In the data that follows, give the number of lines containing the word "power". Offer no additional comment.

**Records excerpted from a collection**
◇ ◇ ◇ ◇

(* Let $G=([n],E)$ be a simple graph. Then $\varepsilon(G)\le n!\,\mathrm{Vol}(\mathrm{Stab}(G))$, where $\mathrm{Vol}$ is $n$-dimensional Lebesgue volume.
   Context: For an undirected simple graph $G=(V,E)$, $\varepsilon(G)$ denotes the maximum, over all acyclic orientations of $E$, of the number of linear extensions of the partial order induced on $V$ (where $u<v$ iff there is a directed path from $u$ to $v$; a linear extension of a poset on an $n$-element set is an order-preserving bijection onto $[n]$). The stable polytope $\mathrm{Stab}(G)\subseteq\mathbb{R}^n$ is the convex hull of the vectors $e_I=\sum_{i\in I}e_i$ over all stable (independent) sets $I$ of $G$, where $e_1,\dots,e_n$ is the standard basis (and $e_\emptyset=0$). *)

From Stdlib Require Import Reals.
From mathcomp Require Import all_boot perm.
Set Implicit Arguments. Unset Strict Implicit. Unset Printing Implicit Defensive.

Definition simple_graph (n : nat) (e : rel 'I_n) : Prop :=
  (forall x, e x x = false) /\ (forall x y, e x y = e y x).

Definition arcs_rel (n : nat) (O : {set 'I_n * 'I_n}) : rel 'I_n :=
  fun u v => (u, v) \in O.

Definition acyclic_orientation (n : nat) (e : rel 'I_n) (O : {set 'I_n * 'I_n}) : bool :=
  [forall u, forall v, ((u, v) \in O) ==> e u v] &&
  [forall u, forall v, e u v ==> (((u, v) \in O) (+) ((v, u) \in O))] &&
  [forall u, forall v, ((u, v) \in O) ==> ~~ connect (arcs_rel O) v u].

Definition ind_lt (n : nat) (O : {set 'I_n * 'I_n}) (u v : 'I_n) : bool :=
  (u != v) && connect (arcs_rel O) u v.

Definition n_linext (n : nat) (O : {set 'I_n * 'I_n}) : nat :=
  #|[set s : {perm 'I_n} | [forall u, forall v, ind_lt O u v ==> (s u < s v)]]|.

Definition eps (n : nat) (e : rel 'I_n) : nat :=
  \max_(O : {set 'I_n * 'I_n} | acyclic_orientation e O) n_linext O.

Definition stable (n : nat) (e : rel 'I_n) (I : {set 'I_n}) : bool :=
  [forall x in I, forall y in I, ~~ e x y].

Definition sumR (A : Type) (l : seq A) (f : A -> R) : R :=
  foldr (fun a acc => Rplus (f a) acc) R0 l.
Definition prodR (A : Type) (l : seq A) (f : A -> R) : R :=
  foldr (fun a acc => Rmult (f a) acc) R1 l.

◇ ◇ ◇ ◇

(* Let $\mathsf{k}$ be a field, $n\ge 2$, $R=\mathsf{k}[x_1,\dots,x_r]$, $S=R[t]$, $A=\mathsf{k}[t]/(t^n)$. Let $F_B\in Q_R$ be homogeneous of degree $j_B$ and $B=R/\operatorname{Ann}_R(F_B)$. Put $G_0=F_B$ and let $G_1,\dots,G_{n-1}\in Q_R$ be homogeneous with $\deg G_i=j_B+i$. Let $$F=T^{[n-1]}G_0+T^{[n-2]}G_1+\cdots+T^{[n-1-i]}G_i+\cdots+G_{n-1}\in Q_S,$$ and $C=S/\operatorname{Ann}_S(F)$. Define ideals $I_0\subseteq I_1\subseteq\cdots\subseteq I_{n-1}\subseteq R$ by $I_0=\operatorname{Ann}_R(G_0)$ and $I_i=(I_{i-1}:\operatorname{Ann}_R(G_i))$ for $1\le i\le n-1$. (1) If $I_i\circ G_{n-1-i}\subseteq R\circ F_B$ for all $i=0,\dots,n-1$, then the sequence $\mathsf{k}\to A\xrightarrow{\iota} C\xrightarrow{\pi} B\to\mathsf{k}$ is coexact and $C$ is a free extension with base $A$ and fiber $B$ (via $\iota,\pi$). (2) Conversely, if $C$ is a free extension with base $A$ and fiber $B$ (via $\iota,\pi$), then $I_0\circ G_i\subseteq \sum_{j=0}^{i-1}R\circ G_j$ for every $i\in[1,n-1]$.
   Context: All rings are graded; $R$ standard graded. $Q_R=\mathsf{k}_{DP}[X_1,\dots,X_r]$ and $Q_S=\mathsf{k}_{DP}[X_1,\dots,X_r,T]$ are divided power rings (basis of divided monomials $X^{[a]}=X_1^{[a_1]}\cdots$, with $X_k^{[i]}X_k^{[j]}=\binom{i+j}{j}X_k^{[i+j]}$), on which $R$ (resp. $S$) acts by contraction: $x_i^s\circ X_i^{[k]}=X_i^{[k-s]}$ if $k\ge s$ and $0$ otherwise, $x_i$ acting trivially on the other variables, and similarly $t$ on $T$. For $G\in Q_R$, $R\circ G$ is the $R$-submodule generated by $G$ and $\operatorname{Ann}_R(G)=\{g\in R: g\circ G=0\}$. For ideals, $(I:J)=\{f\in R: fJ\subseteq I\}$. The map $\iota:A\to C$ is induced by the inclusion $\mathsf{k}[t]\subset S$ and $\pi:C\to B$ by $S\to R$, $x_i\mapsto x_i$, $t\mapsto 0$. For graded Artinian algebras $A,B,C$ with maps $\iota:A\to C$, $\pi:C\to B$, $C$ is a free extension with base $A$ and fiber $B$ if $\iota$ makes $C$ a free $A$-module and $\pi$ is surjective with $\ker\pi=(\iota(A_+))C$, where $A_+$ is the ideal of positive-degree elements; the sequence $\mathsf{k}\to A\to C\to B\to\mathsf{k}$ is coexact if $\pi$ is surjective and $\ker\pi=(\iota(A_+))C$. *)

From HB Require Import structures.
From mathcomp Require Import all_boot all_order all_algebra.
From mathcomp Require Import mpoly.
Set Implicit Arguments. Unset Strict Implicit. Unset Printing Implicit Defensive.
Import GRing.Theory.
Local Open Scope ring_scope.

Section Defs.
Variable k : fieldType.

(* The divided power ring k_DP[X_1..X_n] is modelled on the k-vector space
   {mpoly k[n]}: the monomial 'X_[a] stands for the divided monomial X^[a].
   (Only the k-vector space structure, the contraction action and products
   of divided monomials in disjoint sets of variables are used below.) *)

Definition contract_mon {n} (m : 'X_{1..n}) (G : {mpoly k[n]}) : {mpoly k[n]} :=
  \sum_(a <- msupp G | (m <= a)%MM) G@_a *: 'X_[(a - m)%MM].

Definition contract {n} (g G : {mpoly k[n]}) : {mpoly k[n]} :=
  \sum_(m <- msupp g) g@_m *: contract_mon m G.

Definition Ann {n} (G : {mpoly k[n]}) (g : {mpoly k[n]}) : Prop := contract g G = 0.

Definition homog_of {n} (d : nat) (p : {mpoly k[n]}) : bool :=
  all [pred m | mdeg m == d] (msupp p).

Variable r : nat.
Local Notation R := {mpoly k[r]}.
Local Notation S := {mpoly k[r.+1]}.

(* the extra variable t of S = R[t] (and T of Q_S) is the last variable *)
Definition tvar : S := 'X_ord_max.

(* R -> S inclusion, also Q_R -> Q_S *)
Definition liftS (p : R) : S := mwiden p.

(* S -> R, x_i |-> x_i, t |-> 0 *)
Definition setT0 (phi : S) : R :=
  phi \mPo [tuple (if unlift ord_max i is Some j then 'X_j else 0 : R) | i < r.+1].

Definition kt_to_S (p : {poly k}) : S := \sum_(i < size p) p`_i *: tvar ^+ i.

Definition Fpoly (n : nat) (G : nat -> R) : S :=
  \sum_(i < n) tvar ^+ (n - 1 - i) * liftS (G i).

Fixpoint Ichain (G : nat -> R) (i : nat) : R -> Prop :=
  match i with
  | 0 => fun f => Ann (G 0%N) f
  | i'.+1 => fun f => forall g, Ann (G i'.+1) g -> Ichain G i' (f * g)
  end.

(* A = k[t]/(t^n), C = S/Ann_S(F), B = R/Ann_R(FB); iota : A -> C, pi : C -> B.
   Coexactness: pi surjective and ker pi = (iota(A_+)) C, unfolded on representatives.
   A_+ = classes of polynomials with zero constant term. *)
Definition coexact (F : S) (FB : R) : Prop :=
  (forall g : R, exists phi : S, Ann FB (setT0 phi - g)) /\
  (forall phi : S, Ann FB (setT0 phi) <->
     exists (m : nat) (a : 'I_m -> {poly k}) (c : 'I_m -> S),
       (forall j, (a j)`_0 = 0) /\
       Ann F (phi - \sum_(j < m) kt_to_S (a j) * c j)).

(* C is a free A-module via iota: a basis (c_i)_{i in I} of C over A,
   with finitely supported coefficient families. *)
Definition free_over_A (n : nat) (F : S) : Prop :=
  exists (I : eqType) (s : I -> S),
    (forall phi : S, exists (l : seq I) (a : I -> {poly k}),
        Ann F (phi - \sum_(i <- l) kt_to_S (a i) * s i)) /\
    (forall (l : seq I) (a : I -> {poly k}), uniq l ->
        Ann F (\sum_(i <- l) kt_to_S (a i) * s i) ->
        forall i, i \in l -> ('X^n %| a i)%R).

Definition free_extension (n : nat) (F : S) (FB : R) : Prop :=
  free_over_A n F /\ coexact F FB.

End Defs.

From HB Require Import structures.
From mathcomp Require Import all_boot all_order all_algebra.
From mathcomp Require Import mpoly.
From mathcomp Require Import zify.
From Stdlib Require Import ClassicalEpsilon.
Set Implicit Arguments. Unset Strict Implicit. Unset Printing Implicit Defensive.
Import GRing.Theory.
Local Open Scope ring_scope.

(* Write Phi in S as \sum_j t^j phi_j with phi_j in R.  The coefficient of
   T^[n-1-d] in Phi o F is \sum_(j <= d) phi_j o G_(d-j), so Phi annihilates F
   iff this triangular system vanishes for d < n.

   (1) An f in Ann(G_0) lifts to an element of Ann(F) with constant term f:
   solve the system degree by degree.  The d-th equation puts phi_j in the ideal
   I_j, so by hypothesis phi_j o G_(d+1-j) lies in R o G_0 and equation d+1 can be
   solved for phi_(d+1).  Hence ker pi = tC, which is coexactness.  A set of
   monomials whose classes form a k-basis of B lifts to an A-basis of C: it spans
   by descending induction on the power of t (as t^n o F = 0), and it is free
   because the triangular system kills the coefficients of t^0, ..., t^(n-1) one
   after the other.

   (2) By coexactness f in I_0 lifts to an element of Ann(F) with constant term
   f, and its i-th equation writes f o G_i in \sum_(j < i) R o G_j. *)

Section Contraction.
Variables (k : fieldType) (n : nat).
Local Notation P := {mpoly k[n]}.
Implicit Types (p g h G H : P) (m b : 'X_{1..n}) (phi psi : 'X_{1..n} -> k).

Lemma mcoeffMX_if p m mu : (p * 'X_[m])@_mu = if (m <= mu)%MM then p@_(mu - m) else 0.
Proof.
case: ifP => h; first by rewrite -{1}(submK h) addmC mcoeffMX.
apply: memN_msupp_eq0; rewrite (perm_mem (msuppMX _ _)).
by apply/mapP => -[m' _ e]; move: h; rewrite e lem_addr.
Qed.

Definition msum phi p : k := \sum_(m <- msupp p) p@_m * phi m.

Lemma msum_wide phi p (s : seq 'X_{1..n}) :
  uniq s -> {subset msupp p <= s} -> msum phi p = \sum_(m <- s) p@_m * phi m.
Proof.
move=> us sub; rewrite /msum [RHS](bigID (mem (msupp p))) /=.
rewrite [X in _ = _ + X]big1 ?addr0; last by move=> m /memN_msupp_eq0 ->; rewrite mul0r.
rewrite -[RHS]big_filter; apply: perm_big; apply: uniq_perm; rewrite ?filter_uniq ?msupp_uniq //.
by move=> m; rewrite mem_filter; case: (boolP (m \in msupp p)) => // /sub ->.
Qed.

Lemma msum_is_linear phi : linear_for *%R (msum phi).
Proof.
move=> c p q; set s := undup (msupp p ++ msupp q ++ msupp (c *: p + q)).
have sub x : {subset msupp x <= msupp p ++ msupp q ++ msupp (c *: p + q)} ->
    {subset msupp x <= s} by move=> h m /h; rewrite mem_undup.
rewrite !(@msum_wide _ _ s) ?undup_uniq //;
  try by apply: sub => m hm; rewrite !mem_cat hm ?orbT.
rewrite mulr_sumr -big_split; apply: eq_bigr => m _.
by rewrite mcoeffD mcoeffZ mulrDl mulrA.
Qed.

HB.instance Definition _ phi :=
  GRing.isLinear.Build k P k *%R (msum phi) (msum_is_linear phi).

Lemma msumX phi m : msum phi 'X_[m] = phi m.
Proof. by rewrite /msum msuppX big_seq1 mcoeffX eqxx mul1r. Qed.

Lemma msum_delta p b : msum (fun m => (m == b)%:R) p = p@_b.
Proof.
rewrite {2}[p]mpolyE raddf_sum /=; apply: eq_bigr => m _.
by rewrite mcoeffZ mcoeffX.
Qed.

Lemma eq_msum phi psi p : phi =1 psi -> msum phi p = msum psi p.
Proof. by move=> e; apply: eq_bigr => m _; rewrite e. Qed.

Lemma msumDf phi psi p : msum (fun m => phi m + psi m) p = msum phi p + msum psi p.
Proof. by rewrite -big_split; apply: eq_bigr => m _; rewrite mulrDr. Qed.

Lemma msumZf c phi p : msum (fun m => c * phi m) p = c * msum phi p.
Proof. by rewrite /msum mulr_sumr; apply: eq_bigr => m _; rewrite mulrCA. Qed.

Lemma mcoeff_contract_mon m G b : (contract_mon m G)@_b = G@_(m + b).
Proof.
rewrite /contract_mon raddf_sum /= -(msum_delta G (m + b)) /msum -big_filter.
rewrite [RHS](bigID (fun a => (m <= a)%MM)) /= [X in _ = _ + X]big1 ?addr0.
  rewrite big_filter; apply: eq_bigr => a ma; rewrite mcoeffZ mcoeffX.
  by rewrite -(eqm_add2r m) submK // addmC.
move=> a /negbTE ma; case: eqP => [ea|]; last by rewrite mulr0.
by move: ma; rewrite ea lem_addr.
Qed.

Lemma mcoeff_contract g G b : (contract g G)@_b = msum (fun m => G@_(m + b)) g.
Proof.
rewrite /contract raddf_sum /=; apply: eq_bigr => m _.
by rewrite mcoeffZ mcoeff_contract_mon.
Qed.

◇ ◇ ◇ ◇

**Task result**
3